I offered an alternative that I THOUGHT was obvious. Apparently the INTERNET was a new idea for you.


----------



## Vanilla (Dec 11, 2009)

Can you imagine needing 3 points to hunt for a spike with less than a 15% chance of harvesting?

Goodness some of you must hate hunting!


----------



## cedar (Jul 29, 2013)

Currently we have enough different point systems in utah. leave OTC opportunity for those who did not draw any tag.


----------



## MooseMeat (Dec 27, 2017)

It’s funny to see guys screaming for opportunity hunting, then they get opportunity hunting and start screaming for limited hunting again.

no draw. No points. We have that for everything else and it’s a mess and only going to get worse. Wait your turn in line when the time comes or don’t get a tag. But don’t make your lack of prioritization a problem for everyone else.


----------



## Vanilla (Dec 11, 2009)

One thing has become absolutely clear to me the last few years: whatever the system, people are going to complain. We could completely revamp everything exactly as proposed on this forum and I’d wager those unhappy and complaining now will remain unhappy and complain then too.
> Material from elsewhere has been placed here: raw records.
(* Let $N\ge1$ and let $\mu^\star_0$ be any absolutely continuous probability measure on $\mathbb{R}^d$ with finite second moment. Then there exist absolutely continuous data $(\mu^\star_{i/N})_{i=1}^N$ and an optimal solution $(Y_t)$ of the P-spline problem for $(\mu^\star_{i/N})_{i=0}^N$ such that $Y_1$ is not a deterministic function of $Y_0$.
   Context: The P-spline problem with data $\mu^\star_{t_0},\dots,\mu^\star_{t_N}$ at times $0=t_0<\dots<t_N=1$ is $\inf_{(Y_t)}\int_0^1\mathbb E[\|\ddot Y_t\|^2]\,dt$ over stochastic processes $(Y_t)_{t\in[0,1]}$ in $\mathbb{R}^d$ with twice differentiable paths and $Y_{t_i}\sim\mu^\star_{t_i}$ for all $i$. Here $t_i=i/N$. *)

(* R^d is modelled as d.-tuple R, which carries the
   product (= Borel) sigma-algebra of mathcomp-analysis. *)
From HB Require Import structures.
From mathcomp Require Import all_boot all_order all_algebra.
From mathcomp Require Import all_classical all_reals all_analysis.
Set Implicit Arguments. Unset Strict Implicit. Unset Printing Implicit Defensive.
Import Order.TTheory GRing.Theory Num.Theory.
Import numFieldNormedType.Exports.
Local Open Scope classical_set_scope.
Local Open Scope ring_scope.

Section PSpline.
Context {R : realType} (d : nat).

Definition sqnorm (x : d.-tuple R) : R := \sum_(i < d) tnth x i ^+ 2.

Definition box (a b : d.-tuple R) : set (d.-tuple R) :=
  [set x | forall i, tnth a i <= tnth x i <= tnth b i].
Definition box_vol (a b : d.-tuple R) : R := \prod_(i < d) (tnth b i - tnth a i).

Definition lebesgue_null (A : set (d.-tuple R)) : Prop :=
  forall eps : R, 0 < eps -> exists a b : nat -> d.-tuple R,
    (forall k i, tnth (a k) i <= tnth (b k) i) /\
    A `<=` \bigcup_k box (a k) (b k) /\
    (\sum_(0 <= k <oo) (box_vol (a k) (b k))%:E <= eps%:E)%E.

Definition abs_cont (mu : probability (d.-tuple R) R) : Prop :=
  forall A, measurable A -> lebesgue_null A -> mu A = 0%E.

Definition finite_second_moment (mu : probability (d.-tuple R) R) : Prop :=
  (\int[mu]_x (sqnorm x)%:E < +oo)%E.

Definition coord_path {T : Type} (Y : R -> T -> d.-tuple R) (w : T) (i : 'I_d)
  : R -> R := fun s => tnth (Y s w) i.

Definition accel {T : Type} (Y : R -> T -> d.-tuple R) (w : T) (t : R)
  : d.-tuple R := [tuple derive1 (derive1 (coord_path Y w i)) t | i < d].

Definition admissible {dO : measure_display} {O : measurableType dO}
  (P : probability O R) (N : nat) (mu : nat -> probability (d.-tuple R) R)
  (Y : R -> O -> d.-tuple R) : Prop :=
  [/\ forall t, measurable_fun setT (Y t),
      forall w i t, derivable (coord_path Y w i) t 1 /\
                    derivable (derive1 (coord_path Y w i)) t 1 &
      forall k : nat, (k <= N)%N -> forall A, measurable A ->
        P (Y (k%:R / N%:R) @^-1` A) = mu k A].

Definition spline_cost {dO : measure_display} {O : measurableType dO}
  (P : probability O R) (Y : R -> O -> d.-tuple R) : \bar R :=
  (\int[lebesgue_measure]_(t in `[0%R, 1%R]) \int[P]_w (sqnorm (accel Y w t))%:E)%E.

Definition optimal_solution {dO : measure_display} {O : measurableType dO}
  (P : probability O R) (N : nat) (mu : nat -> probability (d.-tuple R) R)
  (Y : R -> O -> d.-tuple R) : Prop :=
  admissible P N mu Y /\
  forall (dO' : measure_display) (O' : measurableType dO')
         (P' : probability O' R) (Y' : R -> O' -> d.-tuple R),
    admissible P' N mu Y' -> (spline_cost P Y <= spline_cost P' Y')%E.

End PSpline.

(** Split the initial mass with a fair coin: under the coin's "tails" a
   particle sits still at its starting point x ~ mu0, under "heads" it moves
   with unit speed along the diagonal (1, ..., 1).  All paths are affine, so
   the process has zero acceleration cost and is optimal for its own marginals,
   which are absolutely continuous because Lebesgue-null sets are invariant
   under translation.  But given Y_0 = x, Y_1 equals x or x + (1, ..., 1) with
   probability 1/2 each, so Y_1 is not a function of Y_0. *)

From HB Require Import structures.
From mathcomp Require Import all_boot all_order all_algebra.
From mathcomp Require Import all_classical all_reals all_analysis.
From mathcomp Require Import ring.
Import Order.TTheory GRing.Theory Num.Theory.
Import numFieldNormedType.Exports.
Local Open Scope classical_set_scope.
Local Open Scope ring_scope.

Section affine_path.
Context {R : realType} (a c : R).

Lemma is_derive_affine (t : R) : is_derive t 1 (fun s : R => a + s * c) c.
Proof.
by apply: is_derive_eq; rewrite add0r mul1r scaler0 add0r; exact: mulr1.
Qed.

Lemma derive1_affine : derive1 (fun s : R => a + s * c) = cst c.
Proof.
apply/funext => t; have df := is_derive_affine t.
by rewrite derive1E derive_val.
Qed.

Lemma derivable_affine (t : R) : derivable (fun s : R => a + s * c) t 1.
Proof. by have [] := is_derive_affine t. Qed.

Lemma derivable_derive1_affine (t : R) :
  derivable (derive1 (fun s : R => a + s * c)) t 1.
Proof. by rewrite derive1_affine; exact: derivable_cst. Qed.

Lemma derive1_derive1_affine (t : R) :
  derive1 (derive1 (fun s : R => a + s * c)) t = 0.
Proof. by rewrite derive1_affine derive1_cst. Qed.

End affine_path.

Section spline_cost.
Context {R : realType} {d : nat} {dO : measure_display} {O : measurableType dO}.
Variable P : probability O R.

Lemma spline_cost_ge0 (Y : R -> O -> d.-tuple R) : (0 <= spline_cost P Y)%E.
Proof.
apply: integral_ge0 => t _; apply: integral_ge0 => w _.
by rewrite lee_fin; apply: sumr_ge0 => i _; exact: sqr_ge0.
Qed.

Lemma spline_cost_eq0 (Y : R -> O -> d.-tuple R) :
  (forall w i t, derive1 (derive1 (coord_path Y w i)) t = 0) ->
  spline_cost P Y = 0%E.
Proof.
move=> Y''0; rewrite /spline_cost (eq_integral (cst 0%E)) ?integral0 // => t _.
rewrite (eq_integral (cst 0%E)) ?integral0 // => w _.
by rewrite /sqnorm big1 // => i _; rewrite tnth_mktuple Y''0 expr0n.
Qed.

End spline_cost.

Lemma optimal_solution_cost0 {R : realType} {d : nat}
    {dO : measure_display} {O : measurableType dO} (P : probability O R)
    (N : nat) (mu : nat -> probability (d.-tuple R) R)
    (Y : R -> O -> d.-tuple R) :
  admissible P N mu Y -> spline_cost P Y = 0%E -> optimal_solution P N mu Y.
Proof.
move=> adm cost0; split=> // dO' O' P' Y' _.
by rewrite cost0; exact: spline_cost_ge0.
Qed.

Section diagonal_shift.
Context {R : realType} {d : nat}.

Definition diag_shift (c : R) (x : d.-tuple R) : d.-tuple R :=
  [tuple tnth x i + c | i < d].

Lemma diag_shift0 : diag_shift 0 = id.
Proof.
by apply/funext => x; apply: eq_from_tnth => i; rewrite tnth_mktuple addr0.
Qed.

Lemma measurable_diag_shift (c : R) : measurable_fun setT (diag_shift c).
Proof.
apply/measurable_fun_tnthP => i.
have -> : (fun x => tnth x i) \o diag_shift c = (fun x => tnth x i + c).
  by apply/funext => x /=; rewrite tnth_mktuple.
exact: measurable_realfun.measurable_funD (measurable_tnth i)
  (measurable_cst c).
Qed.

Lemma diag_shift_neq (d_gt0 : (0 < d)%N) (c : R) x :
  c != 0 -> diag_shift c x != x.
Proof.
apply: contra => /eqP/(congr1 (fun y => tnth y (Ordinal d_gt0))).
by rewrite tnth_mktuple => /eqP; rewrite -subr_eq0 addrAC subrr add0r.
Qed.

Lemma lebesgue_null_diag_shift (c : R) (A : set (d.-tuple R)) :
  lebesgue_null A -> lebesgue_null (diag_shift c @^-1` A).
Proof.
move=> A0 eps eps_gt0; have [a [b [ab [Acov Avol]]]] := A0 eps eps_gt0.
exists (fun k => diag_shift (- c) (a k)), (fun k => diag_shift (- c) (b k)).
split; [|split].
- by move=> k i; rewrite !tnth_mktuple lerD2r.
- move=> x /Acov [k _ xk]; exists k => // i.
  have := xk i; rewrite !tnth_mktuple => /andP[axk xbk].
  by rewrite lerBlDr axk lerBrDr.
- apply: le_trans Avol; rewrite le_eqVlt; apply/orP; left; apply/eqP.
  apply: eq_eseriesr => k _; congr EFin; apply: eq_bigr => i _.
  by rewrite !tnth_mktuple opprB addrA subrK.
Qed.

End diagonal_shift.

Section coin_mixture.
Context {R : realType} {dT : measure_display} {T : measurableType dT}.
Variable mu : probability T R.

Definition with_coin (b : bool) (x : T) : T * bool := (x, b).

Lemma measurable_with_coin b : measurable_fun setT (with_coin b).
Proof. exact: measurable_fun_pair. Qed.

HB.instance Definition _ b :=
  isMeasurableFun.Build _ _ _ _ (with_coin b) (measurable_with_coin b).

Definition coin_mix := mscale (2^-1)%:nng
  (measure_add (distribution mu (with_coin false))
               (distribution mu (with_coin true))).

HB.instance Definition _ := Measure.on coin_mix.

Lemma coin_mixE A : coin_mix A =
  ((2^-1)%:E * (mu (with_coin false @^-1` A) + mu (with_coin true @^-1` A)))%E.
Proof. by rewrite /coin_mix /mscale; congr (_ * _)%E; exact: measure_addE. Qed.

Lemma coin_mix_setT : coin_mix setT = 1%:E.
Proof.
rewrite coin_mixE !preimage_setT !probability_setT -EFinD -EFinM.
by congr EFin; field.
Qed.

HB.instance Definition _ :=
  Measure_isProbability.Build _ _ _ coin_mix coin_mix_setT.

Lemma coin_mix_eq0 A : coin_mix A = 0%E ->
  mu (with_coin false @^-1` A) = 0%E /\ mu (with_coin true @^-1` A) = 0%E.
Proof.
rewrite coin_mixE => /eqP; rewrite mule_eq0 eqe invr_eq0 pnatr_eq0 /=.
by rewrite padde_eq0 ?measure_ge0 // => /andP[/eqP -> /eqP ->].
Qed.

End coin_mixture.

Section coin_process.
Context {R : realType} {d : nat}.

Definition coin_process (t : R) (w : d.-tuple R * bool) : d.-tuple R :=
  diag_shift (t * w.2%:R) w.1.

Lemma measurable_coin_process t : measurable_fun setT (coin_process t).
Proof.
apply/measurable_fun_tnthP => i.
have -> : (fun x => tnth x i) \o coin_process t =
          (fun w => tnth w.1 i + t * w.2%:R).
  by apply/funext => w /=; rewrite tnth_mktuple.
apply: measurable_realfun.measurable_funD.
  exact: measurableT_comp (measurable_tnth i) measurable_fst.
by apply: (measurableT_comp (f := fun b : bool => t * b%:R)) measurable_snd.
Qed.

HB.instance Definition _ t :=
  isMeasurableFun.Build _ _ _ _ (coin_process t) (measurable_coin_process t).

Lemma coin_process0 w : coin_process 0 w = w.1.
Proof. by rewrite /coin_process mul0r diag_shift0. Qed.

Lemma coin_process_tails t x : coin_process t (x, false) = x.
Proof. by rewrite /coin_process mulr0 diag_shift0. Qed.

Lemma coin_process_heads t x : coin_process t (x, true) = diag_shift t x.
Proof. by rewrite /coin_process mulr1. Qed.

Lemma coord_path_coin_process w i :
  coord_path coin_process w i = (fun s => tnth w.1 i + s * w.2%:R).
Proof. by apply/funext => s; rewrite /coord_path tnth_mktuple. Qed.

Lemma derivable_coin_process w i t :
  derivable (coord_path coin_process w i) t 1 /\
  derivable (derive1 (coord_path coin_process w i)) t 1.
Proof.
by rewrite coord_path_coin_process; split;
  [exact: derivable_affine | exact: derivable_derive1_affine].
Qed.

Variable mu0 : probability (d.-tuple R) R.

Lemma spline_cost_coin_process : spline_cost (coin_mix mu0) coin_process = 0%E.
Proof.
apply: spline_cost_eq0 => w i t.
by rewrite coord_path_coin_process derive1_derive1_affine.
Qed.

Lemma coin_mix_coin_processE t A : coin_mix mu0 (coin_process t @^-1` A) =
  ((2^-1)%:E * (mu0 A + mu0 (diag_shift t @^-1` A)))%E.
Proof.
rewrite coin_mixE; congr (_ * (mu0 _ + mu0 _))%E; apply/funext => x.
- by rewrite /preimage /with_coin /= coin_process_tails.
- by rewrite /preimage /with_coin /= coin_process_heads.
Qed.

Lemma law_coin_process0 A : measurable A ->
  coin_mix mu0 (coin_process 0 @^-1` A) = mu0 A.
Proof.
move=> mA; rewrite coin_mix_coin_processE diag_shift0 preimage_id.
have /fineK <- := fin_num_measure mu0 A mA.
by rewrite -EFinD -EFinM; congr EFin; field.
Qed.

Lemma abs_cont_law_coin_process t : abs_cont mu0 ->
  abs_cont (distribution (coin_mix mu0) (coin_process t)).
Proof.
move=> mu0_ac A mA A0; rewrite /= /pushforward coin_mix_coin_processE.
have mA_shift : measurable (diag_shift t @^-1` A).
  by rewrite -[_ @^-1` _]setTI; exact: measurable_diag_shift.
rewrite (mu0_ac A mA A0) (mu0_ac _ mA_shift (lebesgue_null_diag_shift t _ A0)).
by rewrite adde0 mule0.
Qed.

Lemma coin_process_not_ae_function (d_gt0 : (0 < d)%N) :
  ~ exists g : d.-tuple R -> d.-tuple R,
      {ae coin_mix mu0, forall w, coin_process 1 w = g (coin_process 0 w)}.
Proof.
move=> [g [Ns [mNs /coin_mix_eq0 [tails0 heads0] subNs]]].
have mNs_coin b : measurable (with_coin b @^-1` Ns).
  by rewrite -[_ @^-1` _]setTI; exact: measurable_with_coin.
have cover : setT `<=` with_coin false @^-1` Ns `|` with_coin true @^-1` Ns.
  move=> x _; have [gx|gx] := eqVneq (g x) x; [right|left]; apply: subNs => /=.
  - rewrite coin_process_heads coin_process0 gx.
    by apply/eqP; exact: diag_shift_neq (oner_neq0 R).
  - by rewrite coin_process_tails coin_process0 => /esym/eqP; exact/negP.
have mu0T0 : mu0 setT = 0%E.
  apply: subset_measure0 cover _ => //; first exact: measurableU.
  exact: null_set_setU.
by move: mu0T0; rewrite probability_setT => /eqP; rewrite eqe oner_eq0.
Qed.

End coin_process.

Theorem proposition5 (R : realType) (d N : nat) (hd : (0 < d)%N) (hN : (0 < N)%N)
  (mu0 : probability (d.-tuple R) R) :
  abs_cont mu0 -> finite_second_moment mu0 ->
  exists mu : nat -> probability (d.-tuple R) R,
    mu 0%N = mu0 /\
    (forall k, (1 <= k <= N)%N -> abs_cont (mu k)) /\
    exists (dO : measure_display) (O : measurableType dO)
           (P : probability O R) (Y : R -> O -> d.-tuple R),
      optimal_solution P N mu Y /\
      ~ exists g : d.-tuple R -> d.-tuple R,
          measurable_fun setT g /\ {ae P, forall w, Y 1 w = g (Y 0 w)}.
Proof.
move=> mu0_ac _.
pose P := coin_mix mu0.
(* [mu 0] must be [mu0] itself: the law of [coin_process 0] only agrees with
   it as a set function. *)
pose mu k := if k is 0%N then mu0
             else distribution P (coin_process (k%:R / N%:R)) : probability _ R.
exists mu; split=> //; split.
  by case=> // k _; exact: abs_cont_law_coin_process.
exists _, _, P, coin_process; split.
  apply: optimal_solution_cost0 (spline_cost_coin_process mu0).
  split; [exact: measurable_coin_process | exact: derivable_coin_process |].
  by case=> [_ A mA | k _ A mA //]; rewrite mul0r; exact: law_coin_process0.
by move=> [g [_ Y1_ae]]; apply: (coin_process_not_ae_function mu0 hd); exists g.
Qed.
I like hunting. I’ll maximize the opportunities that I have and enjoy the time I get. I’m not interested in making things even harder, personally.


----------



## CPAjeff (Dec 20, 2014)

A wise man once said, "Even in the golden age of time, undoubtedly, someone complained that everything looked too yellow."


----------



## MWScott72 (May 23, 2011)

Couldn't have said it better Moose - if it is important to you to hunt, you will find a way to do it. I don't buy the "I have no internet access" excuse. If u are out of state, that might be your best bet. For those of us in state, standing in line is a valid option.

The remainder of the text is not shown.